Au fond du jardin, le bac à compost trône comme un rappel de nos bonnes résolutions… et de notre manque de temps. Allers‑retours avec le seau, retournements à la fourche, odeurs et moucherons : la corvée finit souvent par l’emporter sur la motivation.
Les permaculteurs, eux, se passent très bien de composteur. Ils nourrissent un sol vivant en imitant la forêt : tout ce qui tombe reste sur place et se change en humus. Leur secret s’appelle compostage de surface et il transforme la corvée en simple réflexe du quotidien.
Pourquoi le composteur classique épuise autant
Un composteur classique exige méthode et muscles : alterner déchets « verts » et « bruns », vérifier l’humidité, retourner le tas régulièrement. En plein été, brasser des kilos de matière tiède et odorante n’a rien d’un loisir, surtout après une journée de travail.
La permaculture rappelle qu’un sol vraiment fertile, c’est un sol plein de vie : environ 25 % d’air, 25 % d’eau, un peu de matière organique et beaucoup de minéraux, animés par vers de terre, bactéries et champignons. Autant leur confier le gros du travail.

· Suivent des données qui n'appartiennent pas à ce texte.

Lemma safe_unrisky F U : ~~ risky F U -> fill_safe F (F :|: U).
Proof.
case/norP=> no_leaf no_centre; split.
- move=> i b ci open_i; rewrite in_setU (negbTE (forallP open_i b)) /= => lU.
  case/negP: no_leaf; apply/existsP; exists i.
  by rewrite /seeded ci open_i; apply/existsP; exists b.
- move=> ho i; move: (ho) no_centre => /andP [_ /forallP nc].
  by rewrite ho in_setU (negbTE (nc i)) /= => /existsPn /(_ i) /negbTE ->.
Qed.

Lemma safe_leaf_pair (F : {set V}) i : centre i \in F ->
  fill_safe F (F :|: ([set leaf i false] :|: [set leaf i true])).
Proof.
move=> ci; split=> [j b _ open_j|/andP [_ /forallP /(_ i)]]; last by rewrite ci.
rewrite !in_setU !in_set1 (negbTE (forallP open_j b)) /=.
by case/orP=> /eqP /leaf_inj [-> _]; case: (~~ b); rewrite !eqxx ?orbT.
Qed.

Lemma safe_two_centres F U1 U2 i1 i2 : hub_only F ->
  is_component e F U1 -> is_component e F U2 -> U1 != U2 ->
  centre i1 \in U1 -> centre i2 \in U2 -> fill_safe F (F :|: (U1 :|: U2)).
Proof.
move=> ho cU1 cU2 U12 c1 c2; move: (ho) => /andP [_ /forallP no_centre].
split=> [i b ci|_ i]; first by rewrite (negbTE (no_centre i)) in ci.
rewrite !in_setU (negbTE (no_centre i)) /= => /orP [cU|cU].
- exists i2; last by rewrite !inE c2 !orbT.
  apply: contraNneq U12 => i2i; apply/eqP.
  by apply: (component_eq star_tree_sym cU1 cU2 cU); rewrite -i2i.
- exists i1; last by rewrite !inE c1 !orbT.
  apply: contraNneq U12 => i1i; apply/eqP.
  by apply: (component_eq star_tree_sym cU1 cU2 (x := centre i)); rewrite // -i1i.
Qed.

Lemma primed_of_risky F (S : {set {set V}}) :
  (forall U, U \in S -> is_component e F U) -> k.+1 <= #|S| ->
  (forall U, U \in S -> risky F U) -> ~~ hub_only F ->
  (forall i U1 U2, seeded F i -> U1 \in S -> U2 \in S ->
     leaf i false \in U1 -> leaf i true \in U2 -> False) ->
  primed F.
Proof.
move=> cS cardS riskyS nho no_split.
pose arm (U : {set V}) :=
  odflt ord0 [pick i | seeded F i && [exists b, leaf i b \in U]].
have armP U : U \in S -> seeded F (arm U) && [exists b, leaf (arm U) b \in U].
  move/riskyS; rewrite /risky (negbTE nho) orbF /arm => /existsP [i iU].
  by case: pickP => [j ->|/(_ i)]; rewrite ?iU.
have arm_inj : {in S &, injective arm}.
  move=> U1 U2 U1S U2S E; case/andP: (armP _ U1S) => si /existsP [b l1].
  case/andP: (armP _ U2S) => _ /existsP [c]; rewrite -E => l2.
  have [bc|] := eqVneq b c.
    subst c; rewrite (seeded_leaf_component si (cS _ U1S) l1).
    by rewrite (seeded_leaf_component si (cS _ U2S) l2).
  case: b c l1 l2 => -[] // l1 l2 _; exfalso.
  - exact: (no_split _ _ _ si U2S U1S l2 l1).
  - exact: (no_split _ _ _ si U1S U2S l1 l2).
have all_seeded i : seeded F i.
  suff /imsetP [U US ->] : i \in arm @: S by case/andP: (armP _ US).
  suff -> : arm @: S = setT by [].
  by apply/eqP; rewrite eqEcard subsetT cardsT card_ord card_in_imset.
apply/andP; split; first by apply/forallP => i; case/andP: (all_seeded i).
by apply/existsP; exists ord0; case/andP: (all_seeded ord0).
Qed.

Lemma oracle_safe_choice F (S : {set {set V}}) : 0 < k -> ~~ primed F ->
  (forall U, U \in S -> is_component e F U) -> k.+1 <= #|S| ->
  exists S' : {set {set V}},
    [/\ S' \subset S, S' != set0 & fill_safe F (F :|: \bigcup_(U in S') U)].
Proof.
move=> k_gt0 unprimed cS cardS.
have pair U1 U2 :
    U1 \in S -> U2 \in S -> [set U1; U2] \subset S /\ [set U1; U2] != set0.
  move=> U1S U2S; split; first by apply/subsetP => U /set2P [] ->.
  by apply/set0Pn; exists U1; rewrite set21.
have big_pair (U1 U2 : {set V}) : \bigcup_(U in [set U1; U2]) U = U1 :|: U2.
  by rewrite bigcup_setU !big_set1.
have [/exists_inP [U US safeU]|/exists_inPn riskyS] := boolP [exists U in S, ~~ risky F U].
  exists [set U]; split; [by rewrite sub1set | by apply/set0Pn; exists U; rewrite set11 |].
  by rewrite big_set1; apply: safe_unrisky.
have [|no_split] := boolP [exists i, [exists U1 in S, [exists U2 in S,
    [&& seeded F i, leaf i false \in U1 & leaf i true \in U2]]]].
  case/existsP=> i /exists_inP [U1 U1S /exists_inP [U2 U2S /and3P [si l1 l2]]].
  have [sub nz] := pair _ _ U1S U2S; exists [set U1; U2]; split=> //.
  rewrite big_pair (seeded_leaf_component si (cS _ U1S) l1).
  rewrite (seeded_leaf_component si (cS _ U2S) l2).
  by apply: safe_leaf_pair; case/andP: si.
have [ho|nho] := boolP (hub_only F); last first.
  case/negP: unprimed.
  apply: (primed_of_risky cS cardS (fun U US => negbNE (riskyS U US)) nho).
  move=> i U1 U2 si U1S U2S l1 l2; case/existsP: no_split; exists i.
  by apply/exists_inP; exists U1 => //; apply/exists_inP; exists U2 => //; apply/and3P.
have centre_in U : U \in S -> exists i, centre i \in U.
  move=> /riskyS /negbNE; rewrite /risky ho /= => /orP [|/existsP //].
  case/existsP=> i /andP [/andP [ci _] _].
  by move: ho => /andP [_ /forallP /(_ i)]; rewrite ci.
have /card_gt1P [U1 [U2 [U1S U2S U12]]] : 1 < #|S| by apply: leq_trans cardS.
have [[i1 c1] [i2 c2]] := (centre_in _ U1S, centre_in _ U2S).
have [sub nz] := pair _ _ U1S U2S; exists [set U1; U2]; split=> //.
by rewrite big_pair; apply: (safe_two_centres ho (cS _ U1S) (cS _ U2S) U12 c1 c2).
Qed.

Lemma fill_safe_setT F : 0 < k -> fill_safe F setT.
Proof.
move=> k_gt0; split=> [*|_ i _]; first by rewrite in_setT.
have /card_gt0P [j] : 0 < #|[set~ i]| by rewrite cardsC1 card_ord.
by rewrite !inE => ji; exists j; rewrite ?in_setT.
Qed.

Lemma Zk_game_ge F t : 0 < k -> zq_win e true k F t -> n_open F <= t + primed F.
Proof.
move=> k_gt0.
elim/zq_win_nested_ind: F t / => [F t ->|F t v _|F t u v uv|F t S _ cS cardS next].
- by rewrite n_open_setT.
- by have := potential_token F v; lia.
- by have := potential_fill_safe (fill_safe_setT F k_gt0) uv; lia.
have [primedF|unprimed] := boolP (primed F).
  have nz : S != set0 by rewrite -card_gt0; apply: leq_trans cardS.
  have [u [v [_ IH]]] := next S (subxx S) nz.
  by have := potential_primed v primedF; rewrite primedF; lia.
have [S' [sub nz safe]] := oracle_safe_choice k_gt0 unprimed cS cardS.
have [u [v [uv IH]]] := next S' sub nz.
by have := potential_fill_safe safe uv; lia.
Qed.

Lemma fill_progress (F : {set V}) i0 : (forall i, leaf i false \in F) ->
  leaf i0 true \in F -> F \proper setT -> exists u v, fill_step e setT F u v.
Proof.
move=> l1F l0F /properP [_ [x _ xF]].
have [/existsP [i ciF]|/existsPn all_c] := boolP [exists i, centre i \notin F].
  exists (leaf i false), (centre i); split; rewrite ?in_setT //.
  - by rewrite star_tree_sym adj_centre_leaf.
  - by move=> w _ /leaf_nbr.
have cF i : centre i \in F := negbNE (all_c i).
have [hF|hF] := boolP (hub \in F).
  case: x / star_vertexP xF => [|i|i []] xF; rewrite ?hF ?cF ?l1F // in xF.
  exists (centre i), (leaf i true); split; rewrite ?in_setT ?adj_centre_leaf //.
  by move=> w _ /centre_nbr [->|[[] ->]]; rewrite ?hF ?l1F.
exists (centre i0), hub; split; rewrite ?in_setT //.
by move=> w _ /centre_nbr [->|[[] ->]]; rewrite ?l0F ?l1F.
Qed.

Lemma zq_win_of_leaves oracle q (F : {set V}) i0 : (forall i, leaf i false \in F) ->
  leaf i0 true \in F -> zq_win e oracle q F 0.
Proof.
move=> l1F l0F.
apply: (zq_win_force (zq_done e oracle q 0 (erefl setT)) (subsetT F)) => F' FF' F'T.
have l1F' i : leaf i false \in F' := subsetP FF' _ (l1F i).
have [u [v uv]] := fill_progress l1F' (subsetP FF' _ l0F) F'T.
by exists u, v; rewrite in_setT.
Qed.

Definition first_leaves : {set V} := [set leaf i false | i : 'I_k.+1].

Lemma first_leavesP i : leaf i false \in first_leaves.
Proof. exact: imset_f. Qed.

Lemma card_first_leaves : #|first_leaves| = k.+1.
Proof. by rewrite card_imset ?card_ord // => i j /leaf_inj []. Qed.

Lemma Z_game_win q : zq_win e false q set0 (k + 2).
Proof.
have l0 : leaf ord0 true \notin first_leaves by apply/imsetP => -[i _ /leaf_inj []].
have <- : #|leaf ord0 true |: first_leaves| = k + 2.
  by rewrite cardsU1 l0 card_first_leaves add1n addn2.
rewrite -[#|_|]add0n; apply: zq_win_tokens.
  by apply/pred0P => x; rewrite /= in_set0 andbF.
rewrite set0U; apply: (@zq_win_of_leaves _ _ _ ord0) => [i|]; rewrite in_setU1.
- by rewrite first_leavesP orbT.
- by rewrite eqxx.
Qed.

Definition seeds : {set V} := first_leaves :|: [set centre i | i : 'I_k.+1].

Lemma zq_win_seeds : zq_win e true k seeds 0.
Proof.
have centre_seeds i : centre i \in seeds by rewrite in_setU orbC imset_f.
have hub_seeds : hub \notin seeds by rewrite in_setU; apply/norP; split; apply/imsetP => -[].
have leaf_seeds i : leaf i true \notin seeds.
  rewrite in_setU; apply/norP; split; apply/imsetP => -[j _].
  - by move/leaf_inj => [].
  - by move/esym/centre_neq_leaf.
apply: (zq_oracle (S := [set [set leaf i true] | i : 'I_k.+1])) => //.
- move=> U /imsetP [i _ ->]; exists (leaf i true) => //.
  by apply/setP => y; rewrite !inE connect_isolated // => w /leaf_nbr ->.
- by rewrite card_imset ?card_ord // => i j /set1_inj /leaf_inj [].
move=> S' sub /set0Pn [U US']; have [i _ UE] := imsetP (subsetP sub _ US').
have lH : leaf i true \in seeds :|: \bigcup_(U in S') U.
  by rewrite in_setU orbC; apply/orP; left; apply/bigcupP; exists U; rewrite // UE set11.
exists (centre i), (leaf i true); split.
- split=> //; first exact: adj_centre_leaf.
  move=> w wH /centre_nbr [wE|[[] wE]] wF; subst w => //.
  + case/setUP: wH => [|/bigcupP [U' /(subsetP sub) /imsetP [j _ ->]]]; last by rewrite inE.
    by rewrite (negbTE hub_seeds).
  + by rewrite in_setU first_leavesP in wF.
apply: (@zq_win_of_leaves _ _ _ i) => [j|]; rewrite in_setU1.
- by rewrite in_setU first_leavesP !orbT.
- by rewrite eqxx.
Qed.

Lemma Zk_game_win : zq_win e true k set0 (k + 1).
Proof.
rewrite addn1 -card_first_leaves -[#|_|]add0n; apply: zq_win_tokens.
  by apply/pred0P => x; rewrite /= in_set0 andbF.
rewrite set0U; apply: (zq_win_force zq_win_seeds (subsetUl _ _)).
move=> F' sub /properP [_ [x xS xF']].
have l1F' i : leaf i false \in F' := subsetP sub _ (first_leavesP i).
case/setUP: xS xF' => /imsetP [i _ ->] xF'; first by rewrite l1F' in xF'.
exists (leaf i false), (centre i); split; last by rewrite in_setU orbC imset_f.
split; rewrite ?in_setT //.
- by rewrite star_tree_sym adj_centre_leaf.
- by move=> w _ /leaf_nbr.
Qed.

End StarTree.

Le compostage de surface : la technique des permaculteurs paresseux
Dans une forêt, personne ne retourne le tapis de feuilles mortes : il reste en surface, se tasse et nourrit peu à peu le sol, qui devient souple comme un matelas. Le compostage de surface copie cette litière forestière directement au potager ou au pied des arbustes.
Nous avons tous déjà posé le seau d’épluchures en soupirant devant le composteur. Ici, il suffit de vider ce seau en fines couches entre les rangs, puis de couvrir avec un peu de matière sèche (paille, feuilles mortes, carton brun). Ce paillage nourrit le sol, freine l’évaporation et garde les déchets discrets.
- Épluchures de fruits et légumes, restes végétaux cuits simples.
- Marc de café, sachets de thé, fleurs fanées, petites tailles.
- Tontes sèches, feuilles mortes, paille, carton brun déchiqueté.
Installer cette routine durablement au jardin
Pour que le sol vivant fasse le travail, trois règles : des couches fines, toujours recouvrir les déchets frais de matière sèche, bannir viande, poisson et produits laitiers qui attirent les nuisibles. Vers de terre et micro‑organismes transforment alors ce tapis en humus par un compostage lent « à froid » très nourrissant.
Dans un petit jardin, cette technique peut remplacer le composteur. Si vous produisez beaucoup de branches ou de tailles, gardez un bac en complément : il accueillera les volumes encombrants, tandis que le compostage de surface nourrira en continu les planches de culture et réduira nettement les besoins d’arrosage.
En bref
- 🌿 Permaculteurs et jardiniers amateurs cherchent une alternative simple au composteur classique pour nourrir un sol vivant et alléger les corvées estivales.
- 🥕 Le compostage de surface consiste à étaler épluchures et déchets verts sous un paillage sec au pied des cultures, sans retournement ni bac dédié.
- 💧 Cette méthode transforme les déchets du quotidien en humus, limite les arrosages et le désherbage, en réservant quelques pièges à contourner pour en profiter pleinement.